Today, November 19, U.S. District Court Judge Brian Morris ruled in favor of the freedom to marry in Montana, striking down the ban on marriage between same-sex couples in the state.Marriage Moves Forward in Montana!

The ruling is set to take effect “immediately,” the judge ruled, meaning that same-sex couples in Montana should be free to marry now.

The Attorney General said shortly after the decision that he will appeal the decision to the 9th Circuit Court of Appeals. The Attorney General could also seek a stay from Judge Morris, but as we’ve seen time and again this month – from the 4th Circuit, from the 9th Circuit, and even from the United States Supreme Court – judges have repeatedly rejected requests for stays, because there’s no good reason to delay the freedom to marry.

(Hiott-Millis)

Dan Savage gloats, of course, but here’s the thing:

Slog’s resident trolls would erupt every time I ended a Slog post about marriage equality with “We’re winning.” They LOL’d at my delusions, they sneered at my efforts to buck up supporters of marriage equality, they trolled a little harder.

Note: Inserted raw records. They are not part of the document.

(* Let $\mathbb P_{\mathcal A}$ be any probability measure on $\mathcal A$, let $\xi=\lambda^{-1}$, and let $f\colon\Delta\to\Delta$ be the Bernoulli Young tower defined by $(\mathcal A,\mathbb P_{\mathcal A})$, $h_{\mathcal A}$ and $\xi$. Let $\pi\colon\Delta\to\Lambda$ be as defined in the context. Then for all $a,b\in\Delta$, $$d_\Lambda(\pi(a),\pi(b))\le C_\Lambda\, d(a,b),\qquad C_\Lambda=\lambda C_\ell\operatorname{diam}\Lambda.$$
   Context: Nonuniformly expanding map: $(\Lambda,d_\Lambda)$ is a bounded complete metric space and $T\colon\Lambda\to\Lambda$ is Borel measurable. $Y\subset\Lambda$ is closed, $m$ is a Borel probability measure on $Y$, and $\alpha$ is an at most countable partition of $Y$ (modulo an $m$-null set) with $m(a)>0$ and $m(\bar a\setminus a)=0$ for all $a\in\alpha$. $\tau\colon Y\to\mathbb{N}$ is integrable, constant on each $a\in\alpha$ with value $\tau(a)$, and $T^{\tau(y)}(y)\in Y$ for all $y\in Y$. There are constants $0<\eta\le 1$, $\lambda>1$, $C_\ell,K\ge1$ and for each $a\in\alpha$ a map $T_a\colon\Lambda\to\Lambda$ with $T_a^\ell=T^\ell$ $m$-a.s. on $\bar a$ for $0\le\ell<\tau(a)$, such that $T_{Y,a}:=T_a^{\tau(a)}$ is a bijection $\bar a\to Y$ and for all $x,y\in\bar a$: (i) $d_\Lambda(T_{Y,a}x,T_{Y,a}y)\ge\lambda d_\Lambda(x,y)$; (ii) $d_\Lambda(T_a^\ell x,T_a^\ell y)\le C_\ell\, d_\Lambda(T_{Y,a}x,T_{Y,a}y)$ for $0\le \ell<\tau(a)$; (iii) $T_{Y,a}\colon\bar a\to Y$ is nonsingular and its inverse Jacobian $\zeta=\frac{dm}{dm\circ T_{Y,a}}$ satisfies $|\log\zeta(x)-\log\zeta(y)|\le K d_\Lambda(T_{Y,a}x,T_{Y,a}y)^\eta$. Words: $\mathcal A$ is the set of all nonempty finite words $w=a_0\cdots a_{n-1}$ over $\alpha$; $h_{\mathcal A}(w)=\tau(a_0)+\dots+\tau(a_{n-1})$, $T_{Y,w}=T_{Y,a_{n-1}}\circ\cdots\circ T_{Y,a_0}$, $Y_w=(T_{Y,a_{n-1}}\circ\cdots\circ T_{Y,a_0})^{-1}(Y)$. For a word $w=a_0\cdots a_{n-1}$ and $0\le\ell<h_{\mathcal A}(w)$, writing $\ell=\tau(a_0)+\dots+\tau(a_{j-1})+r$ with $0\le r<\tau(a_j)$, set $T_w^\ell=T_{a_j}^r\circ T_{Y,a_{j-1}}\circ\cdots\circ T_{Y,a_0}$ on $Y_w$. Concatenation of words is denoted $w_0w_1\cdots w_n$. Bernoulli Young tower: given an at most countable probability space $(\mathcal{A},\mathbb{P}_{\mathcal A})$, an integrable $h_{\mathcal A}\colon\mathcal A\to\mathbb N$ and $0<\xi<1$, let $(X,\mathbb P_X)=(\mathcal A^{\mathbb N},\mathbb P_{\mathcal A}^{\mathbb N})$ with left shift $f_X$, $h(a_0,a_1,\dots)=h_{\mathcal A}(a_0)$, $\Delta=\{(x,\ell)\in X\times\mathbb Z:0\le\ell<h(x)\}$, $f(x,\ell)=(x,\ell+1)$ if $\ell<h(x)-1$ and $f(x,\ell)=(f_Xx,0)$ if $\ell=h(x)-1$. On $X$, $d(x,y)=\xi^{s(x,y)}$ with $s((a_j),(b_j))=\inf\{j\ge0:a_j\ne b_j\}$; on $\Delta$, $d((x,k),(y,j))=1$ if $k\ne j$ and $=d(x,y)$ if $k=j$. $\mathbb P$ is the $f$-invariant probability on $\Delta$ with $\mathbb P(A\times\{\ell\})=\bar h^{-1}\mathbb P_X(A)$ for $A\subset\{h\ge\ell+1\}$, $\bar h=\int h\,d\mathbb P_X$. The base $\Delta_0=\{(x,0)\}$ is identified with $X$. The map $\pi$: for $x=(w_0,w_1,\dots)\in X$, $\pi_X(x)$ is the unique point of $\bigcap_{n\ge0}Y_{w_0\cdots w_n}$ (nested closed sets with diameters $\to0$), and $\pi((w_0,w_1,\dots),\ell)=T_{w_0}^\ell(\pi_X(w_0,w_1,\dots))$. *)

From Stdlib Require Import Reals List Arith ClassicalEpsilon.
Import ListNotations.
Open Scope R_scope.

Definition is_metric {Lam : Type} (dL : Lam -> Lam -> R) : Prop :=
  (forall x y, 0 <= dL x y) /\ (forall x y, dL x y = 0 <-> x = y) /\
  (forall x y, dL x y = dL y x) /\ (forall x y z, dL x z <= dL x y + dL y z).

Definition bounded_metric {Lam : Type} (dL : Lam -> Lam -> R) : Prop :=
  exists M, forall x y, dL x y <= M.

Definition cauchy_seq {Lam : Type} (dL : Lam -> Lam -> R) (u : nat -> Lam) : Prop :=
  forall eps, 0 < eps -> exists N, forall n m, (N <= n)%nat -> (N <= m)%nat -> dL (u n) (u m) < eps.

Definition converges_to {Lam : Type} (dL : Lam -> Lam -> R) (u : nat -> Lam) (l : Lam) : Prop :=
  forall eps, 0 < eps -> exists N, forall n, (N <= n)%nat -> dL (u n) l < eps.

Definition complete_metric {Lam : Type} (dL : Lam -> Lam -> R) : Prop :=
  forall u, cauchy_seq dL u -> exists l, converges_to dL u l.

Definition closure {Lam : Type} (dL : Lam -> Lam -> R) (A : Lam -> Prop) (x : Lam) : Prop :=
  forall eps, 0 < eps -> exists y, A y /\ dL x y < eps.

Definition is_closed {Lam : Type} (dL : Lam -> Lam -> R) (A : Lam -> Prop) : Prop :=
  forall x, closure dL A x -> A x.

Definition is_diam {Lam : Type} (dL : Lam -> Lam -> R) (D : R) : Prop :=
  is_lub (fun r => exists x y, r = dL x y) D.

Definition countable_type (I : Type) : Prop :=
  exists f : I -> nat, forall i j, f i = f j -> i = j.

Definition TYa {Lam I : Type} (tau : I -> nat) (Ta : I -> Lam -> Lam) (a : I) (x : Lam) : Lam :=
  Nat.iter (tau a) (Ta a) x.

Fixpoint hA {I : Type} (tau : I -> nat) (w : list I) : nat :=
  match w with [] => 0%nat | a :: w' => (tau a + hA tau w')%nat end.

Fixpoint inYw {Lam I : Type} (dL : Lam -> Lam -> R) (Y : Lam -> Prop) (atom : I -> Lam -> Prop)
    (tau : I -> nat) (Ta : I -> Lam -> Lam) (w : list I) (x : Lam) : Prop :=
  match w with
  | [] => Y x
  | a :: w' => closure dL (atom a) x /\ inYw dL Y atom tau Ta w' (TYa tau Ta a x)
  end.

Fixpoint Tw {Lam I : Type} (tau : I -> nat) (Ta : I -> Lam -> Lam) (w : list I) (l : nat) (x : Lam) : Lam :=
  match w with
  | [] => x
  | a :: w' => if Nat.ltb l (tau a) then Nat.iter l (Ta a) x
               else Tw tau Ta w' (l - tau a) (TYa tau Ta a x)
  end.

(* points of X = A^N : sequences of nonempty words *)
Definition inX {I : Type} (x : nat -> list I) : Prop := forall n, x n <> [].

Fixpoint prefixW {I : Type} (x : nat -> list I) (n : nat) : list I :=
  match n with 0%nat => x 0%nat | S k => prefixW x k ++ x (S k) end.

Definition sepAt {I : Type} (x y : nat -> list I) (n : nat) : Prop :=
  (forall j, (j < n)%nat -> x j = y j) /\ x n <> y n.

(* d(x,y) = xi^{s(x,y)}, with xi^infinity = 0 *)
Definition dX {I : Type} (xi : R) (x y : nat -> list I) : R :=
  match excluded_middle_informative (exists n, sepAt x y n) with
  | left H => xi ^ (proj1_sig (constructive_indefinite_description _ H))
  | right _ => 0
  end.

Definition inDelta {I : Type} (tau : I -> nat) (p : (nat -> list I) * nat) : Prop :=
  inX (fst p) /\ (snd p < hA tau (fst p 0%nat))%nat.

Definition dDelta {I : Type} (xi : R) (p q : (nat -> list I) * nat) : R :=
  if Nat.eq_dec (snd p) (snd q) then dX xi (fst p) (fst q) else 1.

Definition piDelta {Lam I : Type} (tau : I -> nat) (Ta : I -> Lam -> Lam)
    (piX : (nat -> list I) -> Lam) (p : (nat -> list I) * nat) : Lam :=
  Tw tau Ta (fst p 0%nat) (snd p) (piX (fst p)).

From Stdlib Require Import Reals List Lra Lia Classical ClassicalEpsilon FunctionalExtensionality.
Import ListNotations.
Open Scope R_scope.

(* If a and b lie on the same floor ℓ and their codes agree on the words w_0, ..., w_n,
   then π_X(a), π_X(b) lie in Y_{w_0⋯w_n}.  Every letter of w_1⋯w_n (at least n of them)
   expands distances by λ, and the images at the end are at most diam Λ apart; the floor
   map T_{w_0}^ℓ costs a factor C_ℓ against the first return inside w_0.  This gives
   C_ℓ diam Λ λ^{-n} = C_Λ λ^{-(n+1)}.  In every other case d(a,b) = 1 and the bound is
   d_Λ ≤ diam Λ. *)

Lemma is_diam_ub (Lam : Type) (dL : Lam -> Lam -> R) (D : R) :
  is_diam dL D -> forall x y, dL x y <= D.
Proof. intros [Hub _] x y; apply Hub; exists x, y; reflexivity. Qed.

Lemma prefixW_split (I : Type) (x : nat -> list I) :
  inX x -> forall n, exists W, prefixW x n = x 0%nat ++ W /\ (n <= length W)%nat.
Proof.
  intros Hx; induction n as [|n [W [HW Hlen]]]; simpl.
  - exists []; rewrite app_nil_r; split; auto.
  - exists (W ++ x (S n)); rewrite HW, app_assoc; split; [reflexivity|].
    rewrite length_app; destruct (x (S n)) eqn:E; [contradiction (Hx (S n))|simpl; lia].
Qed.

Lemma prefixW_ext (I : Type) (x y : nat -> list I) n :
  (forall j, (j <= n)%nat -> x j = y j) -> prefixW x n = prefixW y n.
Proof.
  induction n as [|n IH]; intros Hxy; simpl; [apply Hxy; lia|].
  rewrite IH, (Hxy (S n)); [reflexivity|lia|intros; apply Hxy; lia].
Qed.

Section InducedDistances.

Variables (Lam I : Type) (dL : Lam -> Lam -> R) (Y : Lam -> Prop) (atom : I -> Lam -> Prop)
  (tau : I -> nat) (Ta : I -> Lam -> Lam) (lam Cl D : R).

Hypothesis dL_ge0 : forall x y, 0 <= dL x y.
Hypothesis dL_le_D : forall x y, dL x y <= D.
Hypothesis lam_gt1 : 1 < lam.
Hypothesis Cl_ge1 : 1 <= Cl.
Hypothesis TYa_expanding : forall a x y, closure dL (atom a) x -> closure dL (atom a) y ->
  dL (TYa tau Ta a x) (TYa tau Ta a y) >= lam * dL x y.
Hypothesis Ta_iter_bounded : forall a x y l,
  closure dL (atom a) x -> closure dL (atom a) y -> (l < tau a)%nat ->
  dL (Nat.iter l (Ta a) x) (Nat.iter l (Ta a) y) <= Cl * dL (TYa tau Ta a x) (TYa tau Ta a y).

Notation inYw := (inYw dL Y atom tau Ta).

Lemma inYw_dist_mul_pow_le W p q :
  inYw W p -> inYw W q -> dL p q * lam ^ length W <= D.
Proof.
  revert p q; induction W as [|a W IH]; intros p q Hp Hq; simpl.
  - rewrite Rmult_1_r; apply dL_le_D.
  - destruct Hp as [Hp HpW], Hq as [Hq HqW].
    specialize (IH _ _ HpW HqW).
    pose proof (TYa_expanding a p q Hp Hq) as Hexp.
    assert (0 < lam ^ length W) by (apply pow_lt; lra).
    assert (dL p q * lam * lam ^ length W
            <= dL (TYa tau Ta a p) (TYa tau Ta a q) * lam ^ length W)
      by (apply Rmult_le_compat_r; lra).
    lra.
Qed.

Lemma inYw_app_dist_mul_pow_le w W p q :
  inYw (w ++ W) p -> inYw (w ++ W) q -> dL p q * lam ^ length W <= D.
Proof.
  intros Hp Hq.
  apply Rle_trans with (dL p q * lam ^ length (w ++ W)).
  - apply Rmult_le_compat_l; [apply dL_ge0|].
    apply Rle_pow; [lra|rewrite length_app; lia].
  - exact (inYw_dist_mul_pow_le _ _ _ Hp Hq).
Qed.

Lemma Tw_dist_mul_pow_le w W l p q :
  inYw (w ++ W) p -> inYw (w ++ W) q -> (l < hA tau w)%nat ->
  dL (Tw tau Ta w l p) (Tw tau Ta w l q) * lam ^ length W <= Cl * D.
Proof.
  revert l p q; induction w as [|a w IH]; intros l p q Hp Hq Hl; simpl in *; [lia|].
  destruct Hp as [Hpa HpW], Hq as [Hqa HqW].
  destruct (Nat.ltb l (tau a)) eqn:Hlt; [|apply IH; auto; apply Nat.ltb_ge in Hlt; lia].
  apply Nat.ltb_lt in Hlt.
  set (u := dL (TYa tau Ta a p) (TYa tau Ta a q)).
  assert (Hu : u * lam ^ length W <= D) by exact (inYw_app_dist_mul_pow_le _ _ _ _ HpW HqW).
  assert (0 < lam ^ length W) by (apply pow_lt; lra).
  apply Rle_trans with (Cl * u * lam ^ length W).
  - apply Rmult_le_compat_r; [lra|exact (Ta_iter_bounded a p q l Hpa Hqa Hlt)].
  - rewrite Rmult_assoc; apply Rmult_le_compat_l; lra.
Qed.

Lemma Tw_dist_sepAt (piX : (nat -> list I) -> Lam)
  (HpiX : forall x, inX x -> forall n, inYw (prefixW x n) (piX x)) x y n k :
  inX x -> inX y -> sepAt x y (S n) -> (k < hA tau (x 0%nat))%nat ->
  dL (Tw tau Ta (x 0%nat) k (piX x)) (Tw tau Ta (y 0%nat) k (piX y)) * lam ^ n <= Cl * D.
Proof.
  intros Hx Hy [Hagree _] Hk.
  rewrite <- (Hagree 0%nat) by lia.
  destruct (prefixW_split I x Hx n) as [W [HW Hlen]].
  pose proof (HpiX x Hx n) as Hpx; pose proof (HpiX y Hy n) as Hpy.
  rewrite (prefixW_ext I y x n) in Hpy by (intros; symmetry; apply Hagree; lia).
  rewrite HW in Hpx, Hpy.
  apply Rle_trans with
    (dL (Tw tau Ta (x 0%nat) k (piX x)) (Tw tau Ta (x 0%nat) k (piX y)) * lam ^ length W).
  - apply Rmult_le_compat_l; [apply dL_ge0|apply Rle_pow; lra || lia].
  - exact (Tw_dist_mul_pow_le _ _ _ _ _ Hpx Hpy Hk).
Qed.

End InducedDistances.

Lemma eq_of_no_sepAt (I : Type) (x y : nat -> list I) :
  ~ (exists n, sepAt x y n) -> x = y.
Proof.
  intros Hno.
  assert (Hagree : forall n j, (j < n)%nat -> x j = y j).
  { induction n as [|n IH]; intros j Hj; [lia|].
    assert (x n = y n) by (apply NNPP; intros Hne; apply Hno; exists n; split; assumption).
    destruct (Nat.eq_dec j n) as [->|]; [assumption|apply IH; lia]. }
  apply functional_extensionality; intros m; apply (Hagree (S m)); lia.
Qed.

Lemma dX_cases (I : Type) (xi : R) (x y : nat -> list I) :
  (x = y /\ dX xi x y = 0) \/ (exists n, sepAt x y n /\ dX xi x y = xi ^ n).
Proof.
  unfold dX; destruct (excluded_middle_informative _) as [Hsep|Hno].
  - right; destruct (constructive_indefinite_description _ Hsep) as [n Hn]; eauto.
  - left; split; [apply eq_of_no_sepAt|]; auto.
Qed.

Theorem proposition4p3
  (Lam : Type) (dL : Lam -> Lam -> R)
  (Hmetric : is_metric dL) (Hbdd : bounded_metric dL) (Hcomplete : complete_metric dL)
  (T : Lam -> Lam)
  (Y : Lam -> Prop) (HYclosed : is_closed dL Y)
  (I : Type) (HIcount : countable_type I) (atom : I -> Lam -> Prop)
  (HatomY : forall a x, atom a x -> Y x)
  (Hdisj : forall a b x, atom a x -> atom b x -> a = b)
  (tau : I -> nat) (Htau1 : forall a, (1 <= tau a)%nat)
  (HTret : forall a y, atom a y -> Y (Nat.iter (tau a) T y))
  (lam Cl : R) (Hlam : 1 < lam) (HCl : 1 <= Cl)
  (Ta : I -> Lam -> Lam)
  (Hbij_into : forall a x, closure dL (atom a) x -> Y (TYa tau Ta a x))
  (Hbij_inj : forall a x y, closure dL (atom a) x -> closure dL (atom a) y ->
                TYa tau Ta a x = TYa tau Ta a y -> x = y)
  (Hbij_onto : forall a z, Y z -> exists x, closure dL (atom a) x /\ TYa tau Ta a x = z)
  (Hexp : forall a x y, closure dL (atom a) x -> closure dL (atom a) y ->
            dL (TYa tau Ta a x) (TYa tau Ta a y) >= lam * dL x y)
  (Hbnd : forall a x y l, closure dL (atom a) x -> closure dL (atom a) y -> (l < tau a)%nat ->
            dL (Nat.iter l (Ta a) x) (Nat.iter l (Ta a) y) <= Cl * dL (TYa tau Ta a x) (TYa tau Ta a y))
  (piX : (nat -> list I) -> Lam)
  (HpiX : forall x, inX x -> forall n, inYw dL Y atom tau Ta (prefixW x n) (piX x))
  (D : R) (HD : is_diam dL D) :
  forall a b : (nat -> list I) * nat, inDelta tau a -> inDelta tau b ->
    dL (piDelta tau Ta piX a) (piDelta tau Ta piX b) <= (lam * Cl * D) * dDelta (/ lam) a b.
Proof.
  destruct Hmetric as [Hnn [Hzero _]].
  pose proof (is_diam_ub _ _ _ HD) as HDub.
  intros [x k] [y j] [Hx Hk] [Hy _]; unfold dDelta, piDelta; simpl in *.
  assert (HD_le : D <= lam * Cl * D).
  { assert (0 <= D) by (apply Rle_trans with (dL (piX x) (piX x)); auto).
    assert (1 <= lam * Cl) by nra. nra. }
  destruct (Nat.eq_dec k j) as [<-|_]; [|rewrite Rmult_1_r; eapply Rle_trans; eauto].
  destruct (dX_cases I (/ lam) x y) as [[<- ->] | [[|n] [Hsep ->]]].
  - rewrite (proj2 (Hzero _ _) eq_refl); lra.
  - rewrite Rmult_1_r; eapply Rle_trans; eauto.
  - pose proof (Tw_dist_sepAt Lam I dL Y atom tau Ta lam Cl D Hnn HDub Hlam HCl Hexp Hbnd
                  piX HpiX x y n k Hx Hy Hsep Hk) as Hsep_bound.
    assert (0 < lam ^ n) by (apply pow_lt; lra).
    apply (Rmult_le_reg_r (lam ^ n)); [assumption|].
    replace (lam * Cl * D * (/ lam) ^ S n * lam ^ n) with (Cl * D)
      by (rewrite pow_inv; simpl; field; split; lra).
    exact Hsep_bound.
Qed.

They called me a cockeyedmouthed optimist. That was then. This is now: 35 states, motherfuckers. And, thanks to a “loss” before the U.S. Court of Appeals for the 6th Circuit—the only U.S. Court of Appeals decision that hasn’t backed marriage equality—we’re headed back to the Supreme Court.

Reading through the Sixth Circuit decision against marriage equality is a fascinating exercise in depression. We knew that a decision against same-sex marriage would require some degree of juristic contortion and acrobatics, but what the court gave us was the metaphorical equivalent of ceremonial magick.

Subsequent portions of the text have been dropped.